Now, if you enter the game in the 9th with just a one-run lead and convert the save, that’s worth anywhere between 0.16 and 0.24 WPA. Why such a big difference? It’s because of the ballpark and the season. Using Trevor Hoffman as an example, a 9th inning save with a one-run lead at PetCo Park was worth about 0.16 WPA. A 9th inning save with a one-run lead at Coors Field was worth about 0.24 WPA because it’s much easier to score runs at Coors Field.

To help you understand how it works (and impacts relief pitching), here are some famous examples from October baseball with the relief pitcher involved and the positive or negative impact they had on each game.

WP Table Builder

Don’t you love it when the value of a mysterious, previously unknown metric is understandable and actually displays some good old fashioned common sense?

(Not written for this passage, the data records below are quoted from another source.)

(* Let $\mathcal{F}=(f_s:I_s\to[n]\mid s\in S)$ be an $S$-claw in $\Delta$. The image of $\mathcal{F}$ under the canonical functor $\Delta\to\Lambda$ is strongly biCartesian in $\Lambda$ (i.e. it extends to a strongly Cartesian $S$-cube in $\Lambda$, and this cube is also strongly coCartesian) if and only if $\mathcal{F}$ is cyclically compatible.
   Context: $\Delta$: simplex category of nonempty finite linear orders $[n]=\{0<\dots<n\}$, weakly monotone maps. $\Lambda$: Connes' cyclic category (objects the cyclic sets $\langle n\rangle=(\mathbb{Z}/(n+1),+1)$); the canonical functor $\Delta\to\Lambda$, $[n]\mapsto\langle n\rangle$, identifies $\Delta$ with the slice $\Lambda_{/\langle0\rangle}$ and is the forgetful functor. An $S$-cube is a functor $\mathcal{P}(S)^{\mathrm{op}}\to\mathcal{D}$ from the opposite of the subset poset of $S$; it is strongly Cartesian / strongly coCartesian if all squares $Q(T\cup\{s,s'\})\to Q(T\cup\{s\}),Q(T\cup\{s'\})\to Q(T)$ ($s\ne s'\notin T$) are pullbacks / pushouts. An $S$-claw on $[n]$ is a family of morphisms $f_s:I_s\to[n]$. It is compatible if (BC1) for each $i\in[n]$ at most one $s$ has $f_s^{-1}\{i\}$ not a singleton, and (BC2) for each $0<i\le n$ at most one $s$ has $\{i-1,i\}\not\subseteq f_s(I_s)$. It is cyclically compatible if it is compatible and all but at most one $s\in S$ satisfy $\{0,n\}\subseteq f_s(I_s)$. *)

(* Connes' cyclic category Lambda, modelled concretely:
   object <n> (n : nat) = Z/(n+1); a morphism <m> -> <n> is an equivalence
   class of nondecreasing maps g : Z -> Z with g (x + (m+1)) = g x + (n+1),
   two such maps being identified iff they differ by a multiple of (n+1). *)
From mathcomp Require Import all_boot all_algebra.
Set Implicit Arguments. Unset Strict Implicit. Unset Printing Implicit Defensive.
Import GRing.Theory Num.Theory.
Local Open Scope ring_scope.
(* Let $\mathfrak A$ and $\mathcal A$ be Banach algebras with $\mathcal A$ a Banach $\mathfrak A$-bimodule with compatible actions, and let $\mathcal B=\mathcal A\oplus\mathfrak A^\#$ as defined below. Let ''P'' denote any one of the three properties: module amenable, module approximately amenable, module $w^*$-approximately amenable. Then the following are equivalent: (i) $\mathcal A$ is $\mathfrak A^\#$-module P; (ii) $\mathcal B$ is $\mathfrak A^\#$-module P. If, in addition, $\mathcal A$ is a left or right essential $\mathfrak A$-module, then (i) and (ii) are also equivalent to (iii) $\mathcal A$ is $\mathfrak A$-module P.
   Context: Compatible actions: $\alpha\cdot(ab)=(\alpha\cdot a)b$, $(ab)\cdot\alpha=a(b\cdot\alpha)$. $\mathfrak A^\#=\mathfrak A\oplus\mathbb C$ is the unitization; $\mathcal A$ is an $\mathfrak A^\#$-bimodule via $(\alpha,\lambda)\cdot a=\alpha\cdot a+\lambda a$, $a\cdot(\alpha,\lambda)=a\cdot\alpha+\lambda a$. $\mathcal B=\mathcal A\oplus\mathfrak A^\#$ with product $(a,u)\bullet(b,v)=(ab+av+ub,uv)$ (where $av:=a\cdot v$, $ub:=u\cdot b$) and $\mathfrak A^\#$-actions $u\cdot(a,v)=(u\cdot a,uv)$, $(a,v)\cdot u=(a\cdot u,vu)$; it is a unital Banach algebra and $\mathfrak A^\#$-bimodule with compatible actions. $\mathcal A$ is left essential if $\mathrm{span}\{\alpha\cdot a\}$ is dense in $\mathcal A$ (right similarly). For a Banach algebra $\mathcal C$ that is a Banach $\mathfrak C$-bimodule with compatible actions: a Banach $\mathcal C$-$\mathfrak C$-module is a Banach space $X$ which is a Banach $\mathcal C$-bimodule and $\mathfrak C$-bimodule with $\alpha\cdot(c\cdot x)=(\alpha\cdot c)\cdot x$, $c\cdot(\alpha\cdot x)=(c\cdot\alpha)\cdot x$, $c\cdot(x\cdot\alpha)=(c\cdot x)\cdot\alpha$ and analogous right-sided identities; commutative if $\alpha\cdot x=x\cdot\alpha$. $X^*$ has the dual actions. A module derivation $D:\mathcal C\to Y$ is additive, bounded ($\|D(c)\|\le M\|c\|$), with $D(cd)=D(c)\cdot d+c\cdot D(d)$, $D(\alpha\cdot c)=\alpha\cdot D(c)$, $D(c\cdot\alpha)=D(c)\cdot\alpha$. $\mathcal C$ is $\mathfrak C$-module amenable (resp. approximately amenable, resp. $w^*$-approximately amenable) if for every commutative Banach $\mathcal C$-$\mathfrak C$-module $X$ and every module derivation $D:\mathcal C\to X^*$ there is $f\in X^*$ with $D(c)=c\cdot f-f\cdot c$ (resp. a net $(f_i)\subseteq X^*$ with $c\cdot f_i-f_i\cdot c\to D(c)$ in norm, resp. weak$^*$, for all $c$). *)

From mathcomp Require Import all_boot all_order all_algebra.
From mathcomp Require Import all_classical all_reals all_analysis.
From mathcomp Require Export complex.
Import numFieldNormedType.Exports.
Import Order.TTheory GRing.Theory Num.Theory.
(* Let $F$ be a field and let $R$ be an $F$-algebra which satisfies (NK). Then there exists an $F$-subalgebra $A$ of $R$ which satisfies (NK) and such that $\dim_F(A)\le\omega$ (i.e. $A$ has countable dimension over $F$).
   Context: All rings are associative with unit. A right ideal is nil if all its elements are nilpotent. A ring satisfies the condition (NK) if it contains two nil right ideals whose sum is not nil. *)

From HB Require Import structures.
From mathcomp Require Import all_boot all_order all_algebra.
Set Implicit Arguments. Unset Strict Implicit. Unset Printing Implicit Defensive.
Import GRing.Theory.
Local Open Scope ring_scope.

Definition nilpotent_elt (R : pzRingType) (x : R) : Prop := exists n : nat, x ^+ n = 0.

Definition right_ideal_in (R : pzRingType) (S I : R -> Prop) : Prop :=
  (forall x, I x -> S x) /\ I 0 /\
  (forall x y, I x -> I y -> I (x - y)) /\
  (forall x r, I x -> S r -> I (x * r)).

Definition nil_set (R : pzRingType) (I : R -> Prop) : Prop :=
  forall x, I x -> nilpotent_elt x.

Definition set_sum (R : pzRingType) (I J : R -> Prop) : R -> Prop :=
  fun z => exists x y, I x /\ J y /\ z = x + y.

Definition NK_in (R : pzRingType) (S : R -> Prop) : Prop :=
  exists I J : R -> Prop, right_ideal_in S I /\ right_ideal_in S J /\
    nil_set I /\ nil_set J /\ ~ nil_set (set_sum I J).

Definition NK (R : pzRingType) : Prop := NK_in (fun _ : R => True).

Definition subalgebra (F : fieldType) (R : algType F) (A : R -> Prop) : Prop :=
  A 0 /\ A 1 /\ (forall x y, A x -> A y -> A (x + y)) /\
  (forall x y, A x -> A y -> A (x * y)) /\
  (forall (c : F) x, A x -> A (c *: x)).

(* A has dimension at most omega over F: it is the F-span of a countable family. *)
Definition countable_dim (F : fieldType) (R : algType F) (A : R -> Prop) : Prop :=
  exists b : nat -> R, forall x,
    A x <-> exists (n : nat) (c : nat -> F), x = \sum_(i < n) c i *: b i.

From mathcomp Require Import all_boot all_order all_algebra.
From Stdlib Require Import Classical_Prop.
Set Implicit Arguments. Unset Strict Implicit. Unset Printing Implicit Defensive.
Import GRing.Theory.
Local Open Scope ring_scope.

(* If (NK) holds, pick x in I and y in J with x + y not nilpotent.  The
   subalgebra generated by x and y is spanned by the countably many words in
   x and y, and the traces of I and J on it are nil right ideals of it whose
   sum still contains x + y. *)

Definition span (F : fieldType) (V : lmodType F) (b : nat -> V) (z : V) : Prop :=
  exists (n : nat) (c : nat -> F), z = \sum_(i < n) c i *: b i.

Section Span.
Variables (F : fieldType) (V : lmodType F) (b : nat -> V).

Lemma sum_scale_widen (c : nat -> F) n N : (n <= N)%N ->
  \sum_(i < n) c i *: b i = \sum_(i < N) (if (i < n)%N then c i else 0) *: b i.
Proof.
move=> leNn; rewrite (big_ord_widen N (fun i => c i *: b i) leNn) big_mkcond /=.
by apply: eq_bigr => i _; case: ifP => //; rewrite scale0r.
Qed.

Lemma span0 : span b 0.
Proof. by exists 0%N, (fun _ => 0); rewrite big_ord0. Qed.

Lemma spanD x y : span b x -> span b y -> span b (x + y).
Proof.
move=> [n [c ->]] [m [d ->]].
exists (maxn n m), (fun i => (if (i < n)%N then c i else 0)
                            + (if (i < m)%N then d i else 0)).
rewrite (sum_scale_widen c (leq_maxl n m)) (sum_scale_widen d (leq_maxr n m)).
by rewrite -big_split /=; apply: eq_bigr => i _; rewrite scalerDl.
Qed.

Lemma spanZ k x : span b x -> span b (k *: x).
Proof.
move=> [n [c ->]]; exists n, (fun i => k * c i).
by rewrite scaler_sumr; apply: eq_bigr => i _; rewrite scalerA.
Qed.

Lemma span_gen k : span b (b k).
Proof.
exists k.+1, (fun i => if i == k then 1 else 0).
rewrite big_ord_recr /= eqxx scale1r big1 ?add0r // => i _.
by rewrite (ltn_eqF (ltn_ord i)) scale0r.
Qed.

Lemma span_sum n (f : 'I_n -> V) : (forall i, span b (f i)) ->
  span b (\sum_(i < n) f i).
Proof.
elim: n f => [|n IHn] f spanf; first by rewrite big_ord0; exact: span0.
by rewrite big_ord_recr; apply: spanD => //; apply: IHn.
Qed.

End Span.

Section SpanAlgebra.
Variables (F : fieldType) (R : algType F) (b : nat -> R).
Hypothesis span_genM : forall i j, span b (b i * b j).

Lemma spanM x y : span b x -> span b y -> span b (x * y).
Proof.
move=> [n [c ->]] [m [d ->]].
rewrite mulr_suml; apply: span_sum => i.
rewrite mulr_sumr; apply: span_sum => j.
by rewrite -scalerAl -scalerAr; do 2 apply: spanZ.
Qed.

Lemma span_subalgebra : span b 1 -> subalgebra (span b).
Proof.
move=> span1; split; first exact: span0.
by do !split=> //; [exact: spanD | exact: spanM | exact: spanZ].
Qed.

End SpanAlgebra.

Section Words.
Variables (F : fieldType) (R : algType F) (x y : R).

Definition word (w : seq bool) : R := \prod_(i <- w) (if i then x else y).

(* Naturals that do not code a [seq bool] are sent to 0. *)
Definition word_enum (n : nat) : R := oapp word 0 (unpickle n).

Lemma word_enum_pickle w : word_enum (pickle w) = word w.
Proof. by rewrite /word_enum pickleK. Qed.

Lemma span_word w : span word_enum (word w).
Proof. by rewrite -word_enum_pickle; apply: span_gen. Qed.

Lemma span_word_enumM i j : span word_enum (word_enum i * word_enum j).
Proof.
rewrite [word_enum i]/word_enum [word_enum j]/word_enum.
case: (unpickle i) (unpickle j) => [u|] [v|] /=;
  rewrite ?mul0r ?mulr0; try exact: span0.
by rewrite -big_cat; apply: span_word.
Qed.

Lemma span_words_subalgebra : subalgebra (span word_enum).
Proof.
apply: (span_subalgebra span_word_enumM).
have -> : 1 = word [::] by rewrite /word big_nil.
exact: span_word.
Qed.

Lemma span_words_l : span word_enum x.
Proof.
have -> : x = word [:: true] by rewrite /word big_seq1.
exact: span_word.
Qed.

Lemma span_words_r : span word_enum y.
Proof.
have -> : y = word [:: false] by rewrite /word big_seq1.
exact: span_word.
Qed.

End Words.

Lemma right_ideal_trace (F : fieldType) (R : algType F) (A K : R -> Prop) :
  subalgebra A -> right_ideal_in (fun _ => True) K ->
  right_ideal_in A (fun u => K u /\ A u).
Proof.
move=> [A0 [_ [AD [AM AZ]]]] [_ [K0 [KB KM]]].
have AB u v : A u -> A v -> A (u - v).
  by move=> Au Av; apply: AD => //; rewrite -scaleN1r; apply: AZ.
split; first by move=> u [].
split; first by [].
split; first by move=> u v [Ku Au] [Kv Av]; split; [apply: KB | apply: AB].
by move=> u r [Ku Au] Ar; split; [apply: KM | apply: AM].
Qed.

Lemma NK_witness (R : pzRingType) : NK R ->
  exists I J : R -> Prop, exists x y,
    [/\ right_ideal_in (fun _ => True) I, right_ideal_in (fun _ => True) J,
        nil_set I, nil_set J & [/\ I x, J y & ~ nilpotent_elt (x + y)]].
Proof.
move=> [I [J [idI [idJ [nilI [nilJ not_nilIJ]]]]]].
apply: NNPP => no_witness; apply: not_nilIJ => _ [x [y [Ix [Jy ->]]]].
by apply: NNPP => not_nil; apply: no_witness; exists I, J, x, y.
Qed.

Lemma NK_in_subalgebra (F : fieldType) (R : algType F) (A I J : R -> Prop) x y :
  subalgebra A -> A x -> A y ->
  right_ideal_in (fun _ => True) I -> right_ideal_in (fun _ => True) J ->
  nil_set I -> nil_set J -> I x -> J y -> ~ nilpotent_elt (x + y) ->
  NK_in A.
Proof.
move=> subA Ax Ay idI idJ nilI nilJ Ix Jy not_nil.
exists (fun u => I u /\ A u), (fun u => J u /\ A u).
split; first exact: right_ideal_trace.
split; first exact: right_ideal_trace.
split; first by move=> u [Iu _]; apply: nilI.
split; first by move=> u [Ju _]; apply: nilJ.
by move=> nilIJ; apply/not_nil/nilIJ; exists x, y.
Qed.

Theorem mainTheorem3 (F : fieldType) (R : algType F) :
  NK R ->
  exists A : R -> Prop, subalgebra A /\ NK_in A /\ countable_dim A.
Proof.
move=> /NK_witness [I [J [x [y [idI idJ nilI nilJ [Ix Jy not_nil]]]]]].
exists (span (word_enum x y)); split; first exact: span_words_subalgebra.
split; last by exists (word_enum x y).
exact: (NK_in_subalgebra (span_words_subalgebra x y) (span_words_l x y)
          (span_words_r x y) idI idJ nilI nilJ Ix Jy not_nil).
Qed.
Lemma spined_idem_mul e f : idempotent mul e -> idempotent mul f -> idempotent mul (mul e f).
Proof.
  destruct e as [[x a] He0], f as [[y b] Hf0]; unfold idempotent; intros He Hf.
  apply (f_equal (@proj1_sig _ _)) in He; apply (f_equal (@proj1_sig _ _)) in Hf.
  simpl in He, Hf; unfold spined_mul in He, Hf; simpl in He, Hf.
  injection He as Hx Ha; injection Hf as Hy Hb.
  apply val_inj; simpl; unfold spined_mul; simpl; f_equal.
  - exact (left_idem_mul mAL HqL HL x y Hx Hy).
  - exact (right_idem_mul HR HqR a b Ha Hb).
Qed.

Lemma spined_qi : qi_inverse_transversal mul m0 spined_j spined_o.
Proof.
  split; [|split; [|split; [|split]]].
  - intros s t; apply val_inj; simpl; unfold spined_mul; simpl.
    rewrite (inv_inv mAL HqL), (inv_inv mAR HqR), (j_mul HqL), (j_mul HqR); reflexivity.
  - intros s t H; apply (j_inj HqL); exact (f_equal (fun u => fst (proj1_sig u)) H).
  - intros [[x a] Hu]; unfold spined_carrier in Hu; simpl in Hu.
    split; apply val_inj; simpl; unfold spined_mul, spined_o, spined_j; simpl; f_equal.
    + rewrite (inv_inv mAL HqL), <- mAL, <- (j_mul HqL); apply (x_o_oo mAL HqL HL).
    + rewrite Hu, <- (j_mul HqR), (inv_inv mAR HqR); apply (oo_o_x HR HqR).
    + rewrite (inv_inv mAL HqL), <- !(j_mul HqL), <- (m0_assoc mAL HqL), (s_inv_s mAL HqL).
      reflexivity.
    + rewrite (inv_inv mAR HqR), (o_j_mul HR HqR), Hu, (inv_mul mAR HqR), (inv_inv mAR HqR),
        <- (j_mul HqR), <- (m0_assoc mAR HqR), (s_inv_s mAR HqR).
      reflexivity.
  - intros [[x a] Hu] s [H1 H2].
    apply (f_equal (fun u => fst (proj1_sig u))) in H1, H2; simpl in H1, H2.
    rewrite (inv_inv mAL HqL), <- mAL in H1.
    rewrite (inv_inv mAL HqL), <- !(j_mul HqL) in H2.
    apply (j_inj HqL) in H2; rewrite <- (m0_assoc mAL HqL) in H2.
    exact (o_unique_left mAL HqL HL x s H1 H2).
  - intros s t [[x a] Hu]; unfold spined_carrier in Hu; simpl in Hu.
    exists (m0 s (m0 (oL (iL (oL x))) t)).
    apply val_inj; simpl; unfold spined_mul; simpl; f_equal.
    + rewrite (inv_inv mAL HqL), !(j_mul HqL), mAL; reflexivity.
    + rewrite (inv_inv mAR HqR), (o_j_mul HR HqR), (inv_mul mAR HqR), (inv_inv mAR HqR), <- Hu,
        transversal_inv_agree, !(j_mul HqR), mAR; reflexivity.
Qed.

Lemma spined_orthodox : orthodox_semigroup mul.
Proof. split; [exact spined_assoc | split; [exact (qi_regular spined_qi) | exact spined_idem_mul]]. Qed.
End SpinedProduct.

(** * Orthodox semigroups with a quasi-ideal inverse transversal *)

Section Subsemigroup.
Context {T : Type} {m : T -> T -> T} {P : T -> Prop} (Hcl : forall x y, P x -> P y -> P (m x y)).

Local Notation mP := (sub_mul m P Hcl).

Lemma sub_assoc : associative_op m -> associative_op mP.
Proof. intros mA [x Hx] [y Hy] [z Hz]; apply val_inj; apply mA. Qed.

Lemma sub_idempotent u : idempotent mP u -> idempotent m (proj1_sig u).
Proof. intros H; exact (f_equal (@proj1_sig _ _) H). Qed.

Lemma sub_Rrel u v : Rrel mP u v -> Rrel m (proj1_sig u) (proj1_sig v).
Proof.
  intros [H1 H2]; split.
  - destruct H1 as [H1 | [s H1]]; rewrite H1; [left | right; exists (proj1_sig s)]; reflexivity.
  - destruct H2 as [H2 | [s H2]]; rewrite H2; [left | right; exists (proj1_sig s)]; reflexivity.
Qed.

Lemma sub_qi {S0 : Type} {m0 : S0 -> S0 -> S0} {j : S0 -> T} {o : T -> S0}
    (Hj : forall s, P (j s)) :
  qi_inverse_transversal m m0 j o ->
  qi_inverse_transversal mP m0 (fun s => exist P (j s) (Hj s)) (fun u => o (proj1_sig u)).
Proof.
  intros (Hjm & Hinj & Hinv & Huniq & Hqi); split; [|split; [|split; [|split]]].
  - intros s t; apply val_inj; apply Hjm.
  - intros s t H; apply Hinj; exact (f_equal (@proj1_sig _ _) H).
  - intros [x Hx]; destruct (Hinv x) as [H1 H2]; split; apply val_inj; assumption.
  - intros [x Hx] s [H1 H2]; apply Huniq; split.
    + exact (f_equal (@proj1_sig _ _) H1).
    + exact (f_equal (@proj1_sig _ _) H2).
  - intros s t [x Hx]; destruct (Hqi s t x) as [u Hu]; exists u; apply val_inj; exact Hu.
Qed.
End Subsemigroup.

(* [x x^0 x^00]; the right factor uses [x^00 x^0 x], the left part for [converse_op m]. *)
Definition left_part {T S0 : Type} (m : T -> T -> T) (j : S0 -> T) (o : T -> S0) (x : T) : T :=
  m x (m (j (o x)) (j (o (j (o x))))).

Section Orthodox.
Context {S S0 : Type} {m : S -> S -> S} {m0 : S0 -> S0 -> S0} {j : S0 -> S} {o : S -> S0}.
Hypotheses (HO : orthodox_semigroup m) (Hq : qi_inverse_transversal m m0 j o).

Let mA := proj1 HO.

Local Notation inv s := (o (j s)).
Local Notation lp := (left_part m j o).

Ltac norm := right_assoc (j_mul Hq) mA; reflexivity.

Lemma idem_sandwich a b e f : idempotent m (m e f) -> m a e = a -> m f b = b ->
  m a (m (m f e) b) = m a b.
Proof.
  intros Hef Ha Hb.
  transitivity (m (m a e) (m (m f e) (m f b))); [rewrite Ha, Hb; reflexivity|].
  transitivity (m a (m (m (m e f) (m e f)) b)); [repeat rewrite <- mA; reflexivity|].
  rewrite Hef; transitivity (m (m a e) (m f b)); [repeat rewrite <- mA; reflexivity|].
  rewrite Ha, Hb; reflexivity.
Qed.

Lemma o_mul x y : o (m x y) = m0 (o y) (o x).
Proof.
  pose proof (proj2 (proj2 HO)) as Hid.
  assert (Ie := idem_o_x mA Hq x); assert (If := idem_x_o mA Hq y).
  assert (Hy : m (m y (j (o y))) y = y) by (rewrite <- mA; apply (x_o_x mA Hq)).
  assert (Hx : m (m (j (o x)) x) (j (o x)) = j (o x)) by (rewrite <- mA; apply (o_x_o mA Hq)).
  symmetry; apply (o_unique mA Hq).
  - transitivity (m x (m (m (m y (j (o y))) (m (j (o x)) x)) y)); [norm|].
    apply (idem_sandwich _ _ _ _ (Hid _ _ Ie If) (x_o_x mA Hq x) Hy).
  - transitivity (m (j (o y)) (m (m (m (j (o x)) x) (m y (j (o y)))) (j (o x)))); [norm|].
    rewrite (idem_sandwich _ _ _ _ (Hid _ _ If Ie) (o_x_o mA Hq y) Hx).
    symmetry; apply (j_mul Hq).
Qed.

Ltac m0_norm := repeat rewrite <- (m0_assoc mA Hq).

Lemma idem_o e : idempotent m e -> idempotent m0 (o e).
Proof. intros He; unfold idempotent; rewrite <- o_mul, He; reflexivity. Qed.

Lemma o_x_y_o x y :
  m (j (o x)) (m x (m y (j (o y)))) = j (m0 (m0 (o x) (inv (o x))) (m0 (inv (o y)) (o y))).
Proof.
  destruct (quasi_ideal mA Hq (o x) (o y) (m x y)) as [w Hw].
  assert (Ew : m (j (o x)) (m x (m y (j (o y)))) = j w) by (rewrite <- Hw; norm).
  (* [w] is idempotent, hence its own inverse, which [o_mul] computes *)
  assert (Iw : idempotent m0 w).
  { apply (j_inj Hq); rewrite (j_mul Hq), <- Ew.
    transitivity (m (m (m (j (o x)) x) (m y (j (o y)))) (m (m (j (o x)) x) (m y (j (o y)))));
      [norm|].
    rewrite (proj2 (proj2 HO) _ _ (idem_o_x mA Hq x) (idem_x_o mA Hq y)); norm. }
  rewrite Ew; f_equal.
  rewrite <- (inv_idem mA Hq w Iw), <- Ew, !o_mul.
  transitivity (m0 (m0 (inv (o y)) (o y)) (m0 (o x) (inv (o x)))); [m0_norm; reflexivity|].
  apply (idem_comm mA Hq); [apply (idem_inv_s mA Hq) | apply (idem_s_inv mA Hq)].
Qed.

Lemma x_y_o x y : m x (m y (j (o y))) = m (lp x) (j (m0 (inv (o y)) (o y))).
Proof.
  rewrite <- (x_o_x mA Hq x) at 1.
  transitivity (m x (m (j (o x)) (m x (m y (j (o y)))))); [norm|].
  rewrite o_x_y_o; unfold left_part; norm.
Qed.

Lemma left_part_idem_r x : m (lp x) (j (m0 (o x) (inv (o x)))) = lp x.
Proof.
  unfold left_part.
  rewrite <- !(j_mul Hq), <- mA, <- (j_mul Hq), (idem_s_inv mA Hq (o x)); reflexivity.
Qed.

Lemma x_left_part x y : m x (lp y) = m (lp x) (j (inv (o y))).
Proof.
  transitivity (m (m x (m y (j (o y)))) (j (inv (o y)))); [unfold left_part; norm|].
  rewrite x_y_o, <- mA, <- (j_mul Hq), <- (m0_assoc mA Hq), (inv_s_inv mA Hq); reflexivity.
Qed.

Lemma left_part_mul x y : lp (m x y) = m (lp x) (j (inv (o y))).
Proof.
  unfold left_part at 1; rewrite o_mul, (inv_mul mA Hq).
  transitivity (m (m x (m y (j (o y)))) (j (m0 (o x) (m0 (inv (o x)) (inv (o y))))));
    [norm|].
  rewrite x_y_o, <- mA, <- (j_mul Hq), (m0_assoc mA Hq (o x)),
    (idem_inv_absorb mA Hq _ _ (idem_s_inv mA Hq (o x))), (j_mul Hq), mA, left_part_idem_r.
  reflexivity.
Qed.

Lemma left_part_x_o_mul x y : lp x = x -> o y = o x -> lp (m x (m (j (o x)) y)) = x.
Proof.
  intros Hx Hy.
  rewrite left_part_mul, o_mul, Hy, (inv_mul mA Hq), (inv_inv mA Hq), left_part_idem_r.
  exact Hx.
Qed.

Lemma left_part_ideal x y : lp y = y -> lp (m x y) = m x y.
Proof. intros Hy; rewrite left_part_mul, <- x_left_part, Hy; reflexivity. Qed.

Lemma o_left_part x : o (lp x) = o x.
Proof.
  unfold left_part; rewrite !o_mul, (inv_inv mA Hq), <- (m0_assoc mA Hq).
  apply (s_inv_s mA Hq).
Qed.

Lemma left_part_idem x : lp (lp x) = lp x.
Proof. unfold left_part at 1; rewrite o_left_part, <- (j_mul Hq); apply left_part_idem_r. Qed.

Lemma left_part_j s : lp (j s) = j s.
Proof. unfold left_part; rewrite (inv_inv mA Hq); apply (x_o_x mA Hq). Qed.

Lemma left_part_fixed_mul x y : lp x = x -> lp y = y -> m x y = m x (j (inv (o y))).
Proof. intros Hx Hy; rewrite <- Hy at 1; rewrite x_left_part, Hx; reflexivity. Qed.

So, here is a list of the career Top 10 for relief pitchers for Win Probability Added plus Lee Smith and all of the existing Hall of Fame relievers. These are regular season numbers and they ONLY include games in which the listed pitchers appeared out of the bullpen.

WP Table Builder

Well, this is interesting, isn’t it? A moment ago I discounted the high save percentage numbers of Nathan, Rodriguez and Papelbon because they were one-inning specialists. And yet the three of them (plus Billy Wagner and Troy Percival) are all in the top ten of this game-context-dependent metric. In the meantime, Hall of Famers Fingers, Sutter and Eckersley are not even in the Top 20.

What potential conclusions can we draw from this?

  1. Fingers, Sutter and Eckersley may have been overrated as relief pitchers.
  2. WPA favors the pitcher who enters with a clean inning as opposed to the pitcher who comes in with the game “on fire,” runners in scoring position. Think about it. If you’re entering a clean inning and you give up a single, doom has not occurred. If you enter a game with two runners in scoring position and you give up a single, you may have instantly lost the lead for your team. A two-run swing will punish your WPA much more than a single with the bases empty.
  3. The modern usage of top closers for just the 9th inning, while perhaps now unimaginative, yields predictable results. Rivera, Hoffman, Nathan, Wagner, Papelbon, Rodriguez, and Percival all closed at remarkably high efficiency and that brought high value to their teams.

We’ll address #1 in Part Seven of this series.

Point #2 is important: there is definitely a bias that favors the one-inning closers when compared to the multi-inning stoppers of yesteryear. If you take a list of all of the relief pitchers of the LCS era with over 100 saves and calculate their WPA per inning pitched (not overall WPA), the top 20 are ALL one-inning closers and include nine hurlers who are still active (Craig Kimbrel, Greg Holland, Kenley Jansen, Aroldis Chapman, Joakim Soria, Mark Melancon, Huston Street, David Robertson and Zach Britton). Rivera, of course, tops the list, with Nathan (9), Wagner (10) and Hoffman (11) also in the top 12 positions.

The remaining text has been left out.